For 12 + (-7), the first method involves finding the absolute value of each number (12 and 7), subtracting the lesser from the greater (12 - 7 = 5), and taking the sign of the larger absolute value from the original problem, resulting in positive 5. The second method uses a mental math approach: starting at 12 and adding a negative 7 decreases the value by 7, leading to 5.
For -8 + (-10), the rule for same signs is to add the absolute values (8 + 10 = 18) and keep the same sign from the original problem, resulting in -18. Mentally, starting at -8 and adding a negative 10 means decreasing by 10, which leads to -18.
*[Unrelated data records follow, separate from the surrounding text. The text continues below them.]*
(* Let $p\ge 2$ be an integer. For all $\mathbf r=(r_1,r_2)\in\mathbb Z^2$, \[ {\rm coeff}_{\left[\zeta_1^{r_1},\,\zeta_{2}^{r_2}\right]} F(\zeta_1,\zeta_2;q)=\mathbb{G}_{\mathbf{r}}(\tau). \]
   Context: $q:=e^{2\pi i\tau}$, $\tau\in\mathbb H$. $Q(\mathbf n):=n_1^2+n_2^2-n_1n_2$; $\mathbb N=\{1,2,3,\dots\}$. \begin{align*} F(\zeta_1,\zeta_2;q)&:=\sum_{n_1,n_2\in\mathbb Z}\frac{q^{pQ\left(n_1-\frac1p,\,n_2-\frac1p\right)}}{\left(1-\zeta_1^{-1}\right)\left(1-\zeta_2^{-1}\right)\left(1-\zeta_1^{-1}\zeta_2^{-1}\right)}\Big(\zeta_1^{n_1-1} \zeta_2^{n_2-1} -\zeta_1^{-n_1+n_2-1}\zeta_2^{n_2-1}\\ &\qquad-\zeta_1^{n_1-1}\zeta_2^{-n_2+n_1-1}+\zeta_1^{-n_2-1} \zeta_2^{-n_2+n_1-1}+\zeta_1^{-n_1+n_2-1} \zeta_2^{-n_1-1}-\zeta_1^{-n_2-1}\zeta_2^{-n_1-1}\Big), \end{align*} where each summand is a Laurent polynomial in $\zeta_1,\zeta_2$, and ${\rm coeff}_{[\zeta_1^{r_1},\zeta_2^{r_2}]}$ is the coefficient of $\zeta_1^{r_1}\zeta_2^{r_2}$. For $\boldsymbol\lambda\in\mathbb Q^2$, \begin{multline*} \mathbb{G}_{\boldsymbol{\lambda}}(\tau):=\sum_{\mathbf{n} \in \mathbb N^2} {\rm min}(n_1,n_2)\,q^{p Q\left(\mathbf n+\boldsymbol{\lambda}- \left(\frac1p, \frac1p\right)\right)} \Big(1-q^{2\left(n_1+\lambda_1\right)-\left(n_2+\lambda_2\right)}-q^{2\left(n_2+\lambda_2\right)-\left(n_1+\lambda_1\right)}\\+q^{3\left(n_1+\lambda_1\right)}+q^{3\left(n_2+\lambda_2\right)}-q^{2\left(n_1+\lambda_1\right)+2\left(n_2+\lambda_2\right)}\Big). \end{multline*} *)

From Stdlib Require Import Reals ZArith List.
From Coquelicot Require Import Coquelicot.
Open Scope R_scope.

Definition cexp (z : C) : C :=
  (exp (Re z) * cos (Im z), exp (Re z) * sin (Im z)).

Definition qpow (tau : C) (x : R) : C :=
  cexp (Cmult (RtoC (2 * PI * x)) (Cmult Ci tau)).

Definition Qf (x1 x2 : R) : R := x1 ^ 2 + x2 ^ 2 - x1 * x2.

(* ---- Laurent polynomials in zeta1, zeta2 with integer coefficients ----
   represented as finite lists of terms ((e1,e2), c) meaning c*zeta1^e1*zeta2^e2 *)
Definition lpoly := list ((Z * Z) * Z).

Definition lcoeff (P : lpoly) (r1 r2 : Z) : Z :=
  fold_right (fun t acc =>
     if (Z.eqb (fst (fst t)) r1 && Z.eqb (snd (fst t)) r2)%bool
     then (snd t + acc)%Z else acc) 0%Z P.

Definition lmul (A B : lpoly) : lpoly :=
  flat_map (fun a => map (fun b =>
     ((fst (fst a) + fst (fst b), snd (fst a) + snd (fst b))%Z,
      (snd a * snd b)%Z)) B) A.

Definition Fden : lpoly :=
  lmul (lmul ((0%Z,0%Z,1%Z) :: (-1,0,-1)%Z :: nil)
             ((0%Z,0%Z,1%Z) :: (0,-1,-1)%Z :: nil))
       ((0%Z,0%Z,1%Z) :: (-1,-1,-1)%Z :: nil).

Definition Fnum (n1 n2 : Z) : lpoly :=
  ((n1 - 1, n2 - 1), 1)%Z
  :: ((- n1 + n2 - 1, n2 - 1), -1)%Z
  :: ((n1 - 1, - n2 + n1 - 1), -1)%Z
  :: ((- n2 - 1, - n2 + n1 - 1), 1)%Z
  :: ((- n1 + n2 - 1, - n1 - 1), 1)%Z
  :: ((- n2 - 1, - n1 - 1), -1)%Z :: nil.

Definition is_quotient (g : lpoly) (n1 n2 : Z) : Prop :=
  forall m1 m2, lcoeff (lmul g Fden) m1 m2 = lcoeff (Fnum n1 n2) m1 m2.

Definition Fcoeff_partial (p : Z) (g : Z -> Z -> lpoly) (tau : C)
    (r1 r2 : Z) (N : nat) : C :=
  sum_n (fun i => sum_n (fun j =>
    let n1 := (Z.of_nat i - Z.of_nat N)%Z in
    let n2 := (Z.of_nat j - Z.of_nat N)%Z in
    Cmult (qpow tau (IZR p * Qf (IZR n1 - / IZR p) (IZR n2 - / IZR p)))
          (RtoC (IZR (lcoeff (g n1 n2) r1 r2)))) (2 * N)) (2 * N).

(* square partial sums (0 <= n1, n2 <= N; the n1 = 0 or n2 = 0 terms vanish
   since min(n1,n2) = 0, so this is the sum over 1 <= n1, n2 <= N) of the series G_lambda(tau) *)
Definition G_partial (p : Z) (tau : C) (l1 l2 : R) (N : nat) : C :=
  sum_n (fun i => sum_n (fun j =>
    let n1 := INR i in
    let n2 := INR j in
    let a := n1 + l1 in
    let b := n2 + l2 in
    Cmult (RtoC (INR (Nat.min i j)))
     (Cmult (qpow tau (IZR p * Qf (a - / IZR p) (b - / IZR p)))
       (Cplus (Cplus (Cplus (Cplus (Cplus (RtoC 1)
          (Copp (qpow tau (2 * a - b))))
          (Copp (qpow tau (2 * b - a))))
          (qpow tau (3 * a)))
          (qpow tau (3 * b)))
          (Copp (qpow tau (2 * a + 2 * b)))))) N) N.

(* Expanded in negative powers of ζ, the coefficient of ζ^m in ζ^(a - (1,1)) / Fden is
   max(0, min(a - m)).  The numerator of F is the signed orbit
   Σ_w sgn(w) ζ^(w n - (1,1)) of the Weyl group of type A_2, so the n-th summand of F is a
   Laurent polynomial whose ζ^r-coefficient is Σ_w sgn(w) max(0, min(w n - r)).  The
   Gaussian decay of q^(pQ(n - ρ/p)), ρ = (1,1), makes every double series in sight
   absolutely convergent, so the six Weyl terms can be summed separately and reindexed
   by k = w n - r.  This gives Σ_(k ≥ 1) min(k) Σ_w sgn(w) q^(pQ(w⁻¹(k + r) - ρ/p)), and
   the six exponents pQ(w⁻¹ a - ρ/p) differ from pQ(a - ρ/p) by exactly 0, 2a-b, 2b-a,
   3a, 3b and 2a+2b, the exponents in the definition of G. *)

From Stdlib Require Import Reals ZArith List Lia Lra Permutation.
From Coquelicot Require Import Coquelicot.

Open Scope Z_scope.

Definition padd (x y : Z * Z) : Z * Z := (fst x + fst y, snd x + snd y).
Definition psub (x y : Z * Z) : Z * Z := (fst x - fst y, snd x - snd y).
Definition l1norm (x : Z * Z) : Z := Z.abs (fst x) + Z.abs (snd x).

Definition Zpair_eq_dec (x y : Z * Z) : {x = y} + {x <> y}.
Proof. decide equality; apply Z.eq_dec. Defined.

Definition posmin (x : Z * Z) : Z := Z.max 0 (Z.min (fst x) (snd x)).

Definition zsum {A} (f : A -> Z) (l : list A) : Z :=
  fold_right (fun x acc => f x + acc) 0 l.

Lemma zsum_ext {A} (f g : A -> Z) l : (forall x, f x = g x) -> zsum f l = zsum g l.
Proof. intros H; induction l; simpl; rewrite ?H; lia. Qed.

Lemma zsum_plus {A} (f g : A -> Z) l : zsum (fun x => f x + g x) l = zsum f l + zsum g l.
Proof. induction l; simpl; lia. Qed.

Lemma zsum_mull {A} c (f : A -> Z) l : zsum (fun x => c * f x) l = c * zsum f l.
Proof. induction l; simpl; lia. Qed.
(* Let $\Gamma\subseteq A$ be $\Bbbk$-algebras, $\sim$ an equivalence relation on $\mathrm{cfs}(\Gamma)$, and suppose $\Gamma$ is a Harish-Chandra block subalgebra of $A$ with respect to $\sim$. Let $V$ be an $A$-module and $v\in V$ with $\mathfrak m_1\cdots\mathfrak m_kv=0$, where $B\in\mathrm{cfs}(\Gamma)/{\sim}$ and $\mathfrak m_1,\dots,\mathfrak m_k\in B$. Then $$Av\subseteq\bigoplus_{C\in\bigcup_{i}\mathrm{Supp}(A/A\mathfrak m_i)}V(C).$$
   Context: $\mathrm{cfs}(\Gamma)$: maximal two-sided ideals $\mathfrak m$ of $\Gamma$ with $\dim\Gamma/\mathfrak m<\infty$. For a class $B$, $\mathcal W(B)=\{\mathfrak m_1\cdots\mathfrak m_k:k\ge0,\mathfrak m_i\in B\}$; for a $\Gamma$-module $V$, $V(B)=\{v:\mathfrak m v=0$ for some $\mathfrak m\in\mathcal W(B)\}$ (these sum directly). $V$ is a block module if $V=\bigoplus_BV(B)$; $\mathrm{Supp}(V)=\{B:V(B)\neq0\}$. $\Gamma$ is a Harish-Chandra block subalgebra of $A$ if the left $A$-module $A/A\mathfrak m$ is a block module over $\Gamma$ for every $B$ and every $\mathfrak m\in\mathcal W(B)$. *)

From HB Require Import structures.
From mathcomp Require Import all_boot all_order all_algebra.
From Stdlib Require List.
Set Implicit Arguments. Unset Strict Implicit. Unset Printing Implicit Defensive.
Import GRing.Theory.
Local Open Scope ring_scope.
(* Let $d\in\mathbb N\cup\{\infty\}$ and ${\boldsymbol\gamma}\in\mathcal W_d\setminus\mathcal M_d$. Then the set $\Gamma=\{\widetilde{\boldsymbol\gamma}\in\mathcal M_d:\widetilde{\boldsymbol\gamma}\le{\boldsymbol\gamma}\}$, partially ordered by componentwise $\le$, contains a maximal element.
   Context: Write $[d]=\{1,\dots,d\}$ if $d\in\mathbb N$ and $[d]=\mathbb N$ if $d=\infty$. $\mathcal U_d$ is the set of finite subsets of $[d]$; $\mathcal W_d$ is the set of families $(\gamma_u)_{u\in\mathcal U_d}$ of non-negative reals, ordered componentwise. $(\Delta_v{\boldsymbol\gamma})_u=\sum_{w\subseteq v}(-1)^{|w|}\gamma_{u\cup w}$; $\mathcal M_d$ is the set of ${\boldsymbol\gamma}\in\mathcal W_d$ with $(\Delta_v{\boldsymbol\gamma})_u\ge0$ for all $u,v\in\mathcal U_d$ (completely monotone weights). *)

From HB Require Import structures.
From mathcomp Require Import all_boot all_order all_algebra.
From mathcomp Require Import finmap.
From mathcomp Require Import reals.
Set Implicit Arguments. Unset Strict Implicit. Unset Printing Implicit Defensive.
Import Order.TTheory GRing.Theory Num.Theory.
Local Open Scope ring_scope.
Local Open Scope fset_scope.

(* d : option nat; Some n means d = n, None means d = infinity. *)
Definition in_dim (d : option nat) (i : nat) : bool :=
  (1 <= i)%N && (if d is Some n then (i <= n)%N else true).

Definition in_Ud (d : option nat) (u : {fset nat}) : Prop :=
  forall i, i \in u -> in_dim d i.

(* Weight families are functions {fset nat} -> R; only values on U_d matter. *)
Definition in_Wd {R : realType} (d : option nat) (g : {fset nat} -> R) : Prop :=
  forall u, in_Ud d u -> 0 <= g u.

Definition leW {R : realType} (d : option nat) (g h : {fset nat} -> R) : Prop :=
  forall u, in_Ud d u -> g u <= h u.

Definition Delta {R : realType} (g : {fset nat} -> R) (v u : {fset nat}) : R :=
  \sum_(w <- fpowerset v) (-1) ^+ #|` w| * g (u `|` w).

Definition in_Md {R : realType} (d : option nat) (g : {fset nat} -> R) : Prop :=
  in_Wd d g /\ forall u v, in_Ud d u -> in_Ud d v -> 0 <= Delta g v u.

From HB Require Import structures.
From mathcomp Require Import all_boot all_order all_algebra.
From mathcomp Require Import finmap.
From mathcomp Require Import reals.
From mathcomp Require Import boolp classical_sets wochoice.
From mathcomp Require Import lra.
Set Implicit Arguments. Unset Strict Implicit. Unset Printing Implicit Defensive.
Import Order.TTheory GRing.Theory Num.Theory.
Local Open Scope ring_scope.

(** The zero family lies in Γ, and every chain in Γ has its pointwise
    supremum in Γ, so Zorn's lemma yields a maximal element. The only point
    is complete monotonicity of the supremum s: the value (Δ_v s)_u involves
    the finitely many values s_{u ∪ w}, w ⊆ v, and since the chain is totally
    ordered a single member of the chain approximates s at all of them at
    once; its Δ_v is nonnegative, so (Δ_v s)_u ≥ -ε for every ε > 0. *)

Section ChainSup.
Variables (R : realType) (T : eqType) (D : T -> Prop).

Definition le_on (f h : T -> R) : Prop := forall x, D x -> f x <= h x.

Definition le_onb : rel (T -> R) := fun f h => `[< le_on f h >].

Lemma le_onbP f h : reflect (le_on f h) (le_onb f h).
Proof. exact: asboolP. Qed.

Variables (C : {pred (T -> R)}) (c0 g : T -> R).
Hypotheses (c0C : c0 \in C) (C_chain : chain le_onb C).
Hypothesis C_le : forall h, h \in C -> le_on h g.

Definition chain_sup (x : T) : R :=
  sup [set y | exists2 h, h \in C & h x = y]%classic.

Let chain_vals_has_sup {x} : D x ->
  has_sup [set y | exists2 h, h \in C & h x = y]%classic.
Proof.
move=> Dx; split; first by exists (c0 x), c0.
by exists (g x) => _ [h hC <-]; exact: C_le.
Qed.

Lemma chain_sup_ub h : h \in C -> le_on h chain_sup.
Proof.
move=> hC x Dx; apply: ub_le_sup (chain_vals_has_sup Dx).2 _ _.
by exists h.
Qed.

Lemma chain_sup_le : le_on chain_sup g.
Proof.
move=> x Dx; apply: ge_sup; first by exists (c0 x), c0.
by move=> _ [h hC <-]; exact: C_le.
Qed.

Lemma chain_sup_adherent_seq (eps : R) (r : seq T) :
  0 < eps -> (forall x, x \in r -> D x) ->
  exists2 m, m \in C & forall x, x \in r -> chain_sup x - eps < m x.
Proof.
move=> eps0; elim: r => [|x r IH] Dr; first by exists c0.
have Dx : D x by apply: Dr; rewrite inE eqxx.
have [m mC mr] : exists2 m, m \in C &
    forall y, y \in r -> chain_sup y - eps < m y.
  by apply: IH => y yr; apply: Dr; rewrite inE yr orbT.
have [_ [h hC <-] hx] := sup_adherent eps0 (chain_vals_has_sup Dx).
have [/le_onbP hm|/le_onbP mh] := orP (C_chain hC mC).
- exists m => // y; rewrite inE => /orP[/eqP-> |]; last exact: mr.
  exact: lt_le_trans hx (hm x Dx).
- exists h => // y; rewrite inE => /orP[/eqP-> // | yr].
  by apply: lt_le_trans (mr y yr) (mh y _); apply: Dr; rewrite inE yr orbT.
Qed.

End ChainSup.

Section CompletelyMonotone.
Variables (R : realType) (d : option nat).

Lemma in_Ud_fsetU u w : in_Ud d u -> in_Ud d w -> in_Ud d (u `|` w)%fset.
Proof. by move=> hu hw i; rewrite inE => /orP[/hu|/hw]. Qed.

Lemma in_Ud_fpowerset v w : in_Ud d v -> w \in fpowerset v -> in_Ud d w.
Proof. by move=> hv; rewrite fpowersetE => /fsubsetP wv i /wv /hv. Qed.

Lemma Delta_cst0 v u : Delta (fun=> 0 : R) v u = 0.
Proof. by rewrite /Delta big1 // => w _; rewrite mulr0. Qed.

Lemma in_Md_cst0 : in_Md d (fun=> 0 : R).
Proof. by split=> [u _ | u v _ _]; rewrite ?Delta_cst0. Qed.

Lemma Delta_dist (f h : {fset nat} -> R) v u :
  `|Delta f v u - Delta h v u|
    <= \sum_(w <- fpowerset v) `|f (u `|` w)%fset - h (u `|` w)%fset|.
Proof.
rewrite /Delta -sumrB; apply: le_trans (ler_norm_sum _ _ _) _.
apply: ler_sum => w _.
by rewrite -mulrBr normrM normrX normrN1 expr1n mul1r.
Qed.

Variables (C : {pred ({fset nat} -> R)}) (c0 g : {fset nat} -> R).
Hypotheses (c0C : c0 \in C) (C_chain : chain (le_onb (in_Ud d)) C).
Hypotheses (C_Md : forall h, h \in C -> in_Md d h).
Hypotheses (C_le : forall h, h \in C -> leW d h g).

Lemma chain_sup_in_Md : in_Md d (chain_sup C).
Proof.
split=> [u hu | u v hu hv].
  exact: le_trans (proj1 (C_Md c0C) u hu) (chain_sup_ub c0C C_le c0C hu).
apply/ler_addgt0Pr => e e0.
set N := size (fpowerset v); set eps := e / N.+1%:R.
have eps0 : 0 < eps by rewrite divr_gt0 // ltr0n.
have in_Ud_uw w : w \in fpowerset v -> in_Ud d (u `|` w)%fset.
  by move=> wv; apply: in_Ud_fsetU hu (in_Ud_fpowerset hv wv).
have uw_Ud x : x \in [seq (u `|` w)%fset | w <- fpowerset v] -> in_Ud d x.
  by case/mapP=> w wv ->; exact: in_Ud_uw.
have [m mC m_close] := chain_sup_adherent_seq c0C C_chain C_le eps0 uw_Ud.
have dist_le w : w \in fpowerset v ->
    `|m (u `|` w)%fset - chain_sup C (u `|` w)%fset| <= eps.
  move=> wv; have := chain_sup_ub c0C C_le mC (in_Ud_uw w wv).
  have := m_close _ (map_f (fun w => (u `|` w)%fset) wv).
  by rewrite ler_norml => *; apply/andP; split; lra.
have Delta_close : Delta m v u - Delta (chain_sup C) v u <= e.
  apply: le_trans (ler_norm _) _; apply: le_trans (Delta_dist _ _ _ _) _.
  apply: (@le_trans _ _ (\sum_(w <- fpowerset v) eps)).
    by rewrite big_seq [leRHS]big_seq; apply: ler_sum => w /dist_le.
  rewrite big_const_seq count_predT iter_addr_0 -mulr_natr mulrAC.
  by rewrite ler_pdivrMr ?ltr0n // ler_pM2l // ler_nat; exact: leqnSn.
have := proj2 (C_Md mC) u v hu hv; lra.
Qed.

End CompletelyMonotone.

Definition Md_below (R : realType) (d : option nat) (g : {fset nat} -> R) :
  {pred ({fset nat} -> R)} := fun h => `[< in_Md d h /\ leW d h g >].

Lemma Md_belowP (R : realType) d (g h : {fset nat} -> R) :
  reflect (in_Md d h /\ leW d h g) (h \in Md_below d g).
Proof. exact: asboolP. Qed.

Lemma Md_below_chain_ub (R : realType) d (g : {fset nat} -> R)
    (C : {pred ({fset nat} -> R)}) :
  in_Wd d g -> {subset C <= Md_below d g} -> chain (le_onb (in_Ud d)) C ->
  exists2 z, z \in Md_below d g & upper_bound (le_onb (in_Ud d)) C z.
Proof.
move=> gW CS C_chain.
have [[c0 c0C] | C0] := pselect (exists c, c \in C).
- have C_le h : h \in C -> leW d h g by move=> /CS /Md_belowP[].
  exists (chain_sup C).
    apply/Md_belowP; split; last exact: chain_sup_le c0C C_le.
    by apply: chain_sup_in_Md c0C C_chain _ C_le => h /CS /Md_belowP[].
  by move=> h hC; apply/le_onbP; exact: (chain_sup_ub (D := in_Ud d) c0C C_le hC).
- exists (fun=> 0).
    by apply/Md_belowP; split; [exact: in_Md_cst0 | move=> u /gW].
  by move=> h hC; case: C0; exists h.
Qed.

Theorem mainTheorem18 (R : realType) (d : option nat) (g : {fset nat} -> R) :
  in_Wd d g -> ~ in_Md d g ->
  exists gt : {fset nat} -> R,
    (in_Md d gt /\ leW d gt g) /\
    (forall h : {fset nat} -> R, in_Md d h -> leW d h g -> leW d gt h -> leW d h gt).
Proof.
move=> gW _.
have [|||z /Md_belowP zS zmax] :=
  Zorn's_lemma (R := le_onb (in_Ud d)) (S := Md_below d g).
- by move=> h _; apply/le_onbP.
- move=> h2 h1 h3 _ _ _ /le_onbP h12 /le_onbP h23; apply/le_onbP => u hu.
  exact: le_trans (h12 u hu) (h23 u hu).
- by move=> C CS /wo_chainW; exact: Md_below_chain_ub.
exists z; split=> // h hM hg hz; apply/le_onbP/zmax; first exact/Md_belowP.
exact/le_onbP.
Qed.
Subtracting integers is explained as 'adding the opposite.' For 5 - (-9), it becomes 5 + 9, which equals 14. The video explains that subtracting a negative is like removing a debt, which increases the value.
For -3 - 20, it is transformed into -3 + (-20). Starting at -3 and adding a negative 20 means decreasing by 20, resulting in -23.
When multiplying integers with different signs (negative times positive, or positive times negative), the product is always negative. For -7 x 4, the result is -28.
When multiplying integers with the same signs (negative times negative, or positive times positive), the product is always positive. For -10 x -6, the result is positive 60.
The rules for dividing integers are the same as for multiplying. For -48 / -8, since the signs are the same (two negatives), the quotient is positive, resulting in 6.
For 36 / -4, since the signs are different (positive divided by negative), the quotient is negative, resulting in -9.